**Extracted data entries:**
● ● ●
Lemma familyB_step_ratio n : D (S n) / (2 * D n + D (S n)) = rho n / (2 + rho n).
Proof.
  pose proof (growthB_pos n). pose proof (multiplierB_ge n).
  change (D (S n)) with (D n * rho n). field. split; nra.
Qed.

Lemma familyB_phi_bounds : h / (2 + h) < phi <= 1.
Proof.
  set (w := fun n => gm n / (2 + gm n)).
  assert (Hw : Un_growing w).
  { intros n. apply frac_plus_le; [lra|]. pose proof (Hgrow n). pose proof (gm_ge_h n). lra. }
  split.
  - apply Rlt_le_trans with (w 0%nat); [apply frac_plus_lt; lra|].
    apply (growing_ineq w); assumption.
  - apply (Un_cv_bounds w 0 1 phi); [|exact Hphi].
    intros n. unfold w. pose proof (gm_ge_h n).
    split; [apply Rlt_le, Rdiv_lt_0_compat | apply div_le_iff]; lra.
Qed.

Lemma familyB_peaks :
  peaks_along (fun n => D (S n) / (2 * D n + D (S n))) M phi.
Proof.
  set (w := fun j => gm (M j) / (2 + gm (M j))).
  assert (Hw_grow : Un_growing w).
  { intros j. apply frac_plus_le; [lra|]. pose proof (gm_ge_h (M j)).
    pose proof (main_step_increasing gap j) as Hj.
    pose proof (growing_prop gm (M (S j)) (M j) Hgrow ltac:(unfold M; lia)). lra. }
  assert (Hw_cv : Un_cv w phi)
    by (apply (Un_cv_subseq (fun n => gm n / (2 + gm n)) M);
        [apply nat_incr_ge, main_step_increasing | exact Hphi]).
  pose proof familyB_phi_bounds as Hb.
  split; [exact (main_step_increasing gap)|]. split; [exact (main_step_pos gap)|].
  split.
  - intros n _. rewrite familyB_step_ratio. unfold rho, multiplierB.
    destruct (excluded_middle_informative _) as [[j <-]|]; [|lra].
    exact (growing_ineq w phi Hw_grow Hw_cv j).
  - exists (phi - h / (2 + h)). split; [lra|]. intros alpha Ha.
    destruct (growing_cv_threshold w phi alpha Hw_grow Hw_cv ltac:(lra)) as [j0 Hj0].
    exists j0. intros n _. rewrite familyB_step_ratio. unfold rho, multiplierB.
    destruct (excluded_middle_informative _) as [[j <-]|Hn].
    + change (alpha <= w j <-> exists j1, (j0 <= j1)%nat /\ M j = M j1).
      rewrite (Hj0 j). split; [intros; exists j; split; [assumption | reflexivity]|].
      intros [j' [Hj' E]]. apply main_step_inj in E. subst j'. exact Hj'.
    + split; [lra|]. intros [j [_ E]]. exfalso. apply Hn. exists j. symmetry. exact E.
Qed.

Lemma familyB_kappa_ratio j :
  D (S (M j)) / (2 * D (M (S j)) + D (S (M (S j))) - D (S (M (S j))) + D (S (M j)))
  = / (2 * h ^ gap j + 1).
Proof.
  assert (Hrun : D (M (S j)) = D (S (M j)) * h ^ gap j).
  { unfold M, D. change (main_step gap (S j)) with (S (main_step gap j) + gap j)%nat.
    apply growth_constant_run. intros i Hi. unfold rho, multiplierB.
    destruct (excluded_middle_informative _) as [Hm|]; [|reflexivity].
    exfalso. apply (main_step_between gap j i); [simpl; lia | exact Hm]. }
  replace (2 * D (M (S j)) + D (S (M (S j))) - D (S (M (S j))) + D (S (M j)))
    with (D (S (M j)) * (2 * h ^ gap j + 1)) by (rewrite Hrun; ring).
  pose proof (growthB_pos (S (M j))). assert (0 < h ^ gap j) by (apply pow_lt; lra).
  field. split; lra.
Qed.

End FamilyBMultipliers.

Theorem realizable_familyB (gap : nat -> nat) (gm : nat -> R) (h phi kap : R) :
  1 < h < gm 0%nat -> Un_growing gm -> Un_cv (fun n => gm n / (2 + gm n)) phi ->
  Un_cv (fun j => / (2 * h ^ gap j + 1)) kap ->
  realizable phi kap.
Proof.
  intros Hh Hgrow Hphi Hkap. set (D := growth (multiplierB gap gm h)).
  pose proof (growthB_pos gap gm h Hh Hgrow) as HD.
  pose proof (growthB_increasing gap gm h Hh Hgrow) as HDinc.
  pose proof (growthB_unbounded gap gm h Hh Hgrow) as HDunb.
  apply (realizable_of_staircase _ _ (fun n => 2 * D n + D (S n)) (fun n => D (S n))
           (main_step gap) phi kap (tableB_sequence D HD HDinc HDunb)).
  - intros X. destruct (HDunb X) as [n Hn].
    exists (3 * n)%nat. rewrite <- (Nat.add_0_r (3 * n)), periodic_states_eq by lia. exact Hn.
  - exact (tableB_staircase D HD HDinc HDunb).
  - symmetry. exact (tableB_breakpoint D 0 0 ltac:(lia)).
  - pose proof (familyB_phi_bounds gm h phi Hh Hgrow Hphi).
    assert (0 < h / (2 + h)) by (apply Rdiv_lt_0_compat; lra). lra.
  - exact (familyB_peaks gap gm h phi Hh Hgrow Hphi).
  - eapply Un_cv_ext; [|exact Hkap]. intros j. symmetry.
    exact (familyB_kappa_ratio gap gm h Hh Hgrow j).
Qed.

Definition tableA (lo mid hi : nat -> R) (n j : nat) : R * R * R :=
  match j with
  | 0%nat => (lo n, mid n, hi n)
  | 1%nat => (lo n, lo (S n), hi n)
  | 2%nat => (lo (S n), lo (S n), hi n)
  | _ => (lo (S n), hi n, hi n)
  end.

Definition moverA (j : nat) : nat :=
  match j with 0%nat => 2%nat | 1%nat => 1%nat | 2%nat => 2%nat | _ => 3%nat end.

Section FamilyA.

Variables lo mid hi : nat -> R.
Hypotheses
  (Horder : forall n, 0 <= lo n <= mid n /\ mid n < lo (S n) /\ lo (S n) < hi n /\ hi n < hi (S n))
  (Hmid : forall n, mid (S n) = hi n) (Hunb : forall X, exists n, X < hi n).

Let St := periodic_states 4 (tableA lo mid hi).
Let r := periodic_mover 4 moverA.

Lemma tableA_sequence : state_sequence St r.
Proof.
  apply periodic_state_sequence; [lia | intros j Hj | intros n j Hj | intros n j k Hj Hk
    | intros n j Hj | intros n j Hj Hlt k Hk | intros X];
    try (destruct j as [|[|[|[|j]]]]; [| | | |lia]; unfold next_state, next_mover in *; simpl in *).
  all: try (pose proof (Horder n); pose proof (Horder (S n)); rewrite ?Hmid).
  all: try lia; try lra.
  all: try (destruct k as [|[|[|[|k]]]]; simpl; first [lia | reflexivity | apply Hmid]).
  destruct (Hunb X) as [n Hn]. exists n. unfold breakpoint.
  rewrite <- (Nat.add_0_r (4 * n)), !periodic_states_eq by lia. simpl.
  pose proof (Horder n). lra.
Qed.

Lemma tableA_breakpoint n j : (j < 4)%nat ->
  breakpoint St (4 * n + j) = match j with 0%nat => lo n + mid n + hi n
    | 1%nat => lo n + lo (S n) + hi n | 2%nat => 2 * lo (S n) + hi n | _ => lo (S n) + 2 * hi n end.
Proof.
  intros Hj. unfold breakpoint, St. rewrite !periodic_states_eq by exact Hj.
  destruct j as [|[|[|[|j]]]]; [| | | |lia]; simpl; ring.
Qed.

Lemma tableA_staircase : 0 < hi 0%nat ->
  staircase (interpolate St r 3) (fun n => lo n + mid n + hi n) hi.
Proof.
  intros Hhi0. pose proof tableA_sequence as HS.
  assert (Hnext : forall n, (S (4 * n + 3) = 4 * S n + 0)%nat) by (intros; lia).
  split; cbv beta.
  - pose proof (Horder 0%nat). lra.
  - intros n. rewrite Hmid. pose proof (Horder n). pose proof (Horder (S n)). lra.
  - intros X. destruct (Hunb X) as [n Hn]. exists n. pose proof (Horder n). lra.
  - intros n. apply Horder.
  - intros n. rewrite Hmid. pose proof (Horder n). pose proof (Horder (S n)). lra.
  - intros n q Hq. rewrite (interpolate_constant St r HS 3 (4 * n + 0) (4 * n + 3)).
    + unfold St. rewrite periodic_states_eq by lia. reflexivity.
    + lia.
    + intros i Hi.
      assert (i = 4 * n + 0 \/ i = 4 * n + 1 \/ i = 4 * n + 2)%nat as [->|[->| ->]] by lia;
        unfold r; rewrite periodic_mover_eq by lia; discriminate.
    + rewrite !tableA_breakpoint by lia. rewrite Hmid in Hq. lra.
  - intros n q Hq.
    replace 3%nat with (r (4 * n + 3)%nat) at 1
      by (unfold r; rewrite periodic_mover_eq by lia; reflexivity).
    rewrite (interpolate_rising St r HS (4 * n + 3)).
    + unfold St, r. rewrite periodic_mover_eq, periodic_states_eq, tableA_breakpoint by lia.
      simpl. rewrite Hmid. lra.
    + rewrite Hnext, !tableA_breakpoint by lia. rewrite Hmid in *. lra.
Qed.

End FamilyA.

Definition loA (g u : nat -> R) (n : nat) : R :=
  match n with O => u O / 2 | S m => u m * growth g m end.

Definition midA (g u : nat -> R) (n : nat) : R :=
  match n with O => u O / 2 | S m => growth g m end.

Section FamilyAMultipliers.

Variables (g u : nat -> R) (phi : R).
Hypotheses (Hg0 : 1 < g 0%nat) (Hgrow : Un_growing g) (Hu : forall n, 0 < u n < 1)
  (Hug : forall n, 1 < u (S n) * g n).

Let D := growth g.

Lemma g_ge_g0 n : g 0%nat <= g n.
Proof. apply Rge_le, growing_prop; [exact Hgrow | lia]. Qed.

Lemma growthA_pos n : 0 < D n.
Proof. exact (growth_pos g (g 0%nat) Hg0 g_ge_g0 n). Qed.

Lemma growthA_unbounded X : exists n, X < D n.
Proof. exact (growth_unbounded g (g 0%nat) Hg0 g_ge_g0 X). Qed.

Lemma familyA_order n : 0 <= loA g u n <= midA g u n /\ midA g u n < loA g u (S n) /\
  loA g u (S n) < D n /\ D n < D (S n).
Proof.
  pose proof (growth_increasing g (g 0%nat) Hg0 g_ge_g0) as HDinc. fold D in HDinc.
  assert (HDS : forall n, D (S n) = D n * g n) by reflexivity.
  destruct n as [|m]; simpl; fold D.
  - pose proof (Hu 0%nat). pose proof (HDinc 0%nat). unfold D in *; simpl in *. lra.
  - rewrite <- HDS. pose proof (Hu m). pose proof (Hu (S m)). pose proof (Hug m).
    pose proof (growthA_pos m). pose proof (growthA_pos (S m)). pose proof (HDinc (S m)).
    rewrite HDS in *.
    repeat split; nra.
Qed.

Lemma familyA_step_ratio m :
  D (S m) / (loA g u (S m) + midA g u (S m) + D (S m)) = g m / (u m + 1 + g m).
Proof.
  change (loA g u (S m)) with (u m * D m). change (midA g u (S m)) with (D m).
  change (D (S m)) with (D m * g m).
  pose proof (growthA_pos m). pose proof (Hu m). pose proof (g_ge_g0 m). field. split; nra.
Qed.

Lemma familyA_peaks :
  Un_growing (fun n => g n / (u n + 1 + g n)) -> Un_cv (fun n => g n / (u n + 1 + g n)) phi ->
  peaks_along (fun n => D n / (loA g u n + midA g u n + D n)) S phi.
Proof.
  intros Hv_grow Hphi. split; [intros j; lia|]. split; [intros j; lia|]. split.
  - intros [|m] Hm; [lia|]. rewrite familyA_step_ratio. exact (growing_ineq _ _ Hv_grow Hphi m).
  - exists 1. split; [lra|]. intros alpha Ha.
    destruct (growing_cv_threshold _ phi alpha Hv_grow Hphi ltac:(lra)) as [j0 Hj0].
    exists j0. intros [|m] Hm; [lia|]. rewrite familyA_step_ratio, Hj0. split.
    + intros Hj. exists m. split; [exact Hj | reflexivity].
    + intros [j [Hj E]]. injection E as ->. exact Hj.
Qed.

Lemma familyA_kappa_ratio j :
  D (S j) / (loA g u (S (S j)) + midA g u (S (S j)) + D (S (S j)) - D (S (S j)) + D (S j))
  = / (u (S j) + 2).
Proof.
  change (loA g u (S (S j))) with (u (S j) * D (S j)). change (midA g u (S (S j))) with (D (S j)).
  pose proof (growthA_pos (S j)). pose proof (Hu (S j)). field. split; nra.
Qed.

End FamilyAMultipliers.
(* Consider problem $\mathbf{P4}$ (defined in the context) with $E_{max}>0$. Let $A_1=\sum_{i=1}^M\gamma_i$, $A_2=\sum_{j=1}^N\theta_j$, $a=\sum_{i=1}^M\eta_iP_Bh_{1,i}$, $f(x)=x\ln x-x+1$, let $x^*>1$ solve $f(x^* )=A_1$ and, when $A_1\ge \frac{a}{N}A_2$, let $x_1^*>1$ solve $f(x_1^* )=A_1-\frac aNA_2$. Write $L=\frac{a(x_1^*-1)}{A_1+x_1^*-1}$, $U=\frac{N}{A_2}(x_1^*-1)$, $D=N(x_1^*-1+A_1)-aA_2$. Then an optimal solution of $\mathbf{P4}$ is, for $i=1,\dots,M$, $j=1,\dots,N$: (i) if $A_1\ge\frac aNA_2$ and $E_{max}\le L$: $\tau_0^*=\min\left[\frac{x^*-1}{A_1+x^*-1},\frac{E_{max}}{a}\right]$, $\tau_{1,i}^*=\max\left[\frac{\gamma_i}{A_1+x^*-1},\frac{\gamma_i}{A_1}\left(1-\frac{E_{max}}{a}\right)\right]$, $\tau_{2,j}^*=0$, $\bar E^*=0$; (ii) if $A_1\ge\frac aNA_2$ and $L\le E_{max}\le U$: $\tau_0^*=\frac{N(x_1^*-1)-E_{max}A_2}{D}$, $\tau_{1,i}^*=\frac{\gamma_i\left(N(x_1^*-1)-E_{max}A_2\right)}{(x_1^*-1)D}$, $\tau_{2,j}^*=\frac{\theta_j\left(E_{max}(x_1^*-1+A_1)-a(x_1^*-1)\right)}{(x_1^*-1)D}$, $\bar E^*=\frac{E_{max}(x_1^*-1+A_1)-a(x_1^*-1)}{D}$; (iii) if ($A_1\ge\frac aNA_2$ and $E_{max}\ge U$) or $A_1<\frac aNA_2$: $\tau_0^*=0$, $\tau_{1,i}^*=0$, $\tau_{2,j}^*=\theta_j/A_2$, $\bar E^*=E_{max}/N$.
   Context: Integers $M,N\ge 1$; positive constants $P_B$, $\Gamma$, $\sigma^2$, $E_{max}$; for $i=1,\dots,M$ constants $\eta_i\in(0,1)$, $h_{1,i}>0$, $g_{1,i}>0$; for $j=1,\dots,N$ constants $g_{2,j}>0$. Define $\gamma_i=\eta_ih_{1,i}g_{1,i}P_B/(\Gamma\sigma^2)$ and $\theta_j=g_{2,j}/(\Gamma\sigma^2)$. For $\tau>0$ let $R_{1,i}(\tau_0,\tau)=\tau\log_2(1+\gamma_i\tau_0/\tau)$ and $R_{2,j}(\bar E,\tau)=\tau\log_2(1+\theta_j\bar E/\tau)$, with both set to $0$ when $\tau=0$. Problem $\mathbf{P4}$: maximize $\sum_{i=1}^MR_{1,i}(\tau_0,\tau_{1,i})+\sum_{j=1}^NR_{2,j}(\bar E,\tau_{2,j})$ over $\tau_0,\tau_{1,1},\dots,\tau_{1,M},\tau_{2,1},\dots,\tau_{2,N}\ge0$ and $\bar E\ge 0$, subject to $\tau_0+\sum_{i=1}^M\tau_{1,i}+\sum_{j=1}^N\tau_{2,j}\le 1$ and $a\tau_0+N\bar E\le E_{max}$, where $a=\sum_{i=1}^M\eta_iP_Bh_{1,i}$. *)

From Stdlib Require Import Reals Lra.
Open Scope R_scope.

(* sum_{k=0}^{n-1} f k  (indices shifted: paper's i=1..M is k=0..M-1) *)
Fixpoint rsum (n : nat) (f : nat -> R) : R :=
  match n with
  | O => 0
  | S n' => rsum n' f + f n'
  end.

Definition log2 (x : R) : R := ln x / ln 2.

Definition rate (c y tau : R) : R :=
  if Req_EM_T tau 0 then 0 else tau * log2 (1 + c * y / tau).

Definition gam (PB Gam s2 : R) (eta h1 g1 : nat -> R) (i : nat) : R :=
  eta i * h1 i * g1 i * PB / (Gam * s2).

Definition theta (Gam s2 : R) (g2 : nat -> R) (j : nat) : R :=
  g2 j / (Gam * s2).

Definition acoef (M : nat) (PB : R) (eta h1 : nat -> R) : R :=
  rsum M (fun i => eta i * PB * h1 i).

Definition P4obj (M N : nat) (PB Gam s2 : R) (eta h1 g1 g2 : nat -> R)
  (t0 : R) (t1 t2 : nat -> R) (E : R) : R :=
  rsum M (fun i => rate (gam PB Gam s2 eta h1 g1 i) t0 (t1 i))
  + rsum N (fun j => rate (theta Gam s2 g2 j) E (t2 j)).

Definition P4feas (M N : nat) (PB Emax : R) (eta h1 : nat -> R)
  (t0 : R) (t1 t2 : nat -> R) (E : R) : Prop :=
  0 <= t0 /\ (forall i, (i < M)%nat -> 0 <= t1 i)
  /\ (forall j, (j < N)%nat -> 0 <= t2 j) /\ 0 <= E
  /\ t0 + rsum M t1 + rsum N t2 <= 1
  /\ acoef M PB eta h1 * t0 + INR N * E <= Emax.

Definition P4opt (M N : nat) (PB Gam s2 Emax : R) (eta h1 g1 g2 : nat -> R)
  (t0 : R) (t1 t2 : nat -> R) (E : R) : Prop :=
  P4feas M N PB Emax eta h1 t0 t1 t2 E /\
  forall t0' t1' t2' E', P4feas M N PB Emax eta h1 t0' t1' t2' E' ->
    P4obj M N PB Gam s2 eta h1 g1 g2 t0' t1' t2' E'
    <= P4obj M N PB Gam s2 eta h1 g1 g2 t0 t1 t2 E.

Definition fx (x : R) : R := x * ln x - x + 1.

From Stdlib Require Import Reals Lra Lia.
Open Scope R_scope.

(* Every rate is the perspective [t log2 (1 + c y / t)] of a concave function, so it
   lies below its tangent plane along any ray [c y = (x - 1) t], whose slopes are
   [fx x / x] in [t] and [c / x] in [y].  Pricing time at [fx x / x] and energy at
   [nu / x], the tangent bounds add up to [(fx x + nu Emax) / (x ln 2)] for every
   feasible point, provided [A1 - a nu <= fx x] and [A2 <= N nu] (weak duality).
   Each announced point puts every user on such a ray,
   [tau_0 = k1 (x - 1)], [tau_1i = gamma_i k1], [E = k2 (x - 1)], [tau_2j = theta_j k2],
   and attains the bound for [x = 1 + A1 Emax / (a - Emax)] in case (i), [x = x1*] in
   case (ii) and [x = 1 + A2 Emax / N] in case (iii); which certificate is dual
   feasible is decided by comparing [fx x] with [A1 - a A2 / N], using that [fx] is
   increasing on [[1, +oo)]. *)

Lemma Rdiv_le_0_compat x y : 0 <= x -> 0 < y -> 0 <= x / y.
Proof. intros. unfold Rdiv. apply Rmult_le_pos; [|left; apply Rinv_0_lt_compat]; assumption. Qed.

Lemma rsum_ext n f g : (forall i, (i < n)%nat -> f i = g i) -> rsum n f = rsum n g.
Proof.
  induction n as [|n IH]; intros H; simpl; [reflexivity|].
  rewrite IH by (intros; apply H; lia). rewrite H by lia. reflexivity.
Qed.

Lemma rsum_le n f g : (forall i, (i < n)%nat -> f i <= g i) -> rsum n f <= rsum n g.
Proof.
  induction n as [|n IH]; intros H; simpl; [lra|].
  apply Rplus_le_compat; [apply IH; intros; apply H; lia | apply H; lia].
Qed.

Lemma rsum_plus n f g : rsum n (fun i => f i + g i) = rsum n f + rsum n g.
Proof. induction n as [|n IH]; simpl; [ring|]. rewrite IH; ring. Qed.

Lemma rsum_scal n k f : rsum n (fun i => f i * k) = rsum n f * k.
Proof. induction n as [|n IH]; simpl; [ring|]. rewrite IH; ring. Qed.

Lemma rsum_0 n : rsum n (fun _ => 0) = 0.
Proof. induction n as [|n IH]; simpl; [reflexivity|]. rewrite IH; ring. Qed.

Lemma rsum_nonneg n f : (forall i, (i < n)%nat -> 0 <= f i) -> 0 <= rsum n f.
Proof. intros H. rewrite <- (rsum_0 n). now apply rsum_le. Qed.

Lemma rsum_pos n f : (1 <= n)%nat -> (forall i, (i < n)%nat -> 0 < f i) -> 0 < rsum n f.
Proof.
  destruct n as [|n]; [lia|]. intros _ H; simpl.
  assert (0 <= rsum n f) by (apply rsum_nonneg; intros; left; apply H; lia).
  specialize (H n ltac:(lia)). lra.
Qed.

Lemma ln_le_tangent x y : 0 < x -> 0 < y -> ln x <= ln y + (x - y) / y.
Proof.
  intros Hx Hy.
  pose proof (exp_ineq1_le (ln x - ln y)) as H.
  replace (exp (ln x - ln y)) with (x / y) in H
    by (unfold Rminus, Rdiv; rewrite exp_plus, exp_Ropp, !exp_ln; auto).
  replace ((x - y) / y) with (x / y - 1) by (field; lra). lra.
Qed.

Lemma ln_nonneg x : 1 <= x -> 0 <= ln x.
Proof.
  intros [H|<-]; [|rewrite ln_1; lra].
  left. rewrite <- ln_1. apply ln_increasing; lra.
Qed.

Lemma fx_tangent u v : 0 < u -> 0 < v -> fx u + (v - u) * ln u <= fx v.
Proof.
  intros Hu Hv. unfold fx.
  assert (H : v * ln u <= v * (ln v + (u - v) / v))
    by (apply Rmult_le_compat_l; [lra | apply ln_le_tangent; assumption]).
  replace (v * (ln v + (u - v) / v)) with (v * ln v + u - v) in H by (field; lra).
  lra.
Qed.

Lemma fx_nonneg x : 0 < x -> 0 <= fx x.
Proof.
  intros Hx. pose proof (fx_tangent 1 x ltac:(lra) Hx) as H.
  unfold fx at 1 in H. rewrite ln_1 in H. lra.
Qed.

Lemma fx_le_increasing u v : 1 <= u -> u <= v -> fx u <= fx v.
Proof.
  intros Hu Huv. pose proof (fx_tangent u v ltac:(lra) ltac:(lra)).
  pose proof (ln_nonneg u Hu). nra.
Qed.

Lemma fx_lt_increasing u v : 1 < u -> u < v -> fx u < fx v.
Proof.
  intros Hu Huv. pose proof (fx_tangent u v ltac:(lra) ltac:(lra)).
  assert (0 < ln u) by (rewrite <- ln_1; apply ln_increasing; lra). nra.
Qed.

Lemma rate_le_tangent c y t x : 0 < c -> 0 <= y -> 0 <= t -> 0 < x ->
  rate c y t <= (t * fx x + c * y) / (x * ln 2).
Proof.
  intros Hc Hy Ht Hx. pose proof ln_lt_2 as Hln2.
  assert (Hcy : 0 <= c * y) by nra.
  assert (Hden : 0 < x * ln 2) by nra.
  unfold rate. destruct (Req_EM_T t 0) as [_|Ht0].
  { pose proof (fx_nonneg x Hx). apply Rdiv_le_0_compat; nra. }
  assert (Htp : 0 < t) by lra.
  assert (Hratio : 0 <= c * y / t) by (apply Rdiv_le_0_compat; lra).
  assert (H : t * ln (1 + c * y / t) <= (t * fx x + c * y) / x).
  { apply Rle_trans with (t * (ln x + (1 + c * y / t - x) / x)).
    - apply Rmult_le_compat_l; [lra | apply ln_le_tangent; lra].
    - right. unfold fx. field. lra. }
  unfold log2.
  replace (t * (ln (1 + c * y / t) / ln 2)) with (t * ln (1 + c * y / t) * / ln 2) by (field; lra).
  replace ((t * fx x + c * y) / (x * ln 2)) with ((t * fx x + c * y) / x * / ln 2) by (field; lra).
  apply Rmult_le_compat_r; [left; apply Rinv_0_lt_compat; lra | exact H].
Qed.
● ● ●
**YOUR ASSIGNMENT:** All lines above between those holding "[apply nat_incr_ge, main_step_increasing" and "Lemma familyB_kappa_ratio j", inclusive, must be set down unchanged, and no other line may be included.

**REPLY:**
        [apply nat_incr_ge, main_step_increasing | exact Hphi]).
  pose proof familyB_phi_bounds as Hb.
  split; [exact (main_step_increasing gap)|]. split; [exact (main_step_pos gap)|].
  split.
  - intros n _. rewrite familyB_step_ratio. unfold rho, multiplierB.
    destruct (excluded_middle_informative _) as [[j <-]|]; [|lra].
    exact (growing_ineq w phi Hw_grow Hw_cv j).
  - exists (phi - h / (2 + h)). split; [lra|]. intros alpha Ha.
    destruct (growing_cv_threshold w phi alpha Hw_grow Hw_cv ltac:(lra)) as [j0 Hj0].
    exists j0. intros n _. rewrite familyB_step_ratio. unfold rho, multiplierB.
    destruct (excluded_middle_informative _) as [[j <-]|Hn].
    + change (alpha <= w j <-> exists j1, (j0 <= j1)%nat /\ M j = M j1).
      rewrite (Hj0 j). split; [intros; exists j; split; [assumption | reflexivity]|].
      intros [j' [Hj' E]]. apply main_step_inj in E. subst j'. exact Hj'.
    + split; [lra|]. intros [j [_ E]]. exfalso. apply Hn. exists j. symmetry. exact E.
Qed.

Lemma familyB_kappa_ratio j :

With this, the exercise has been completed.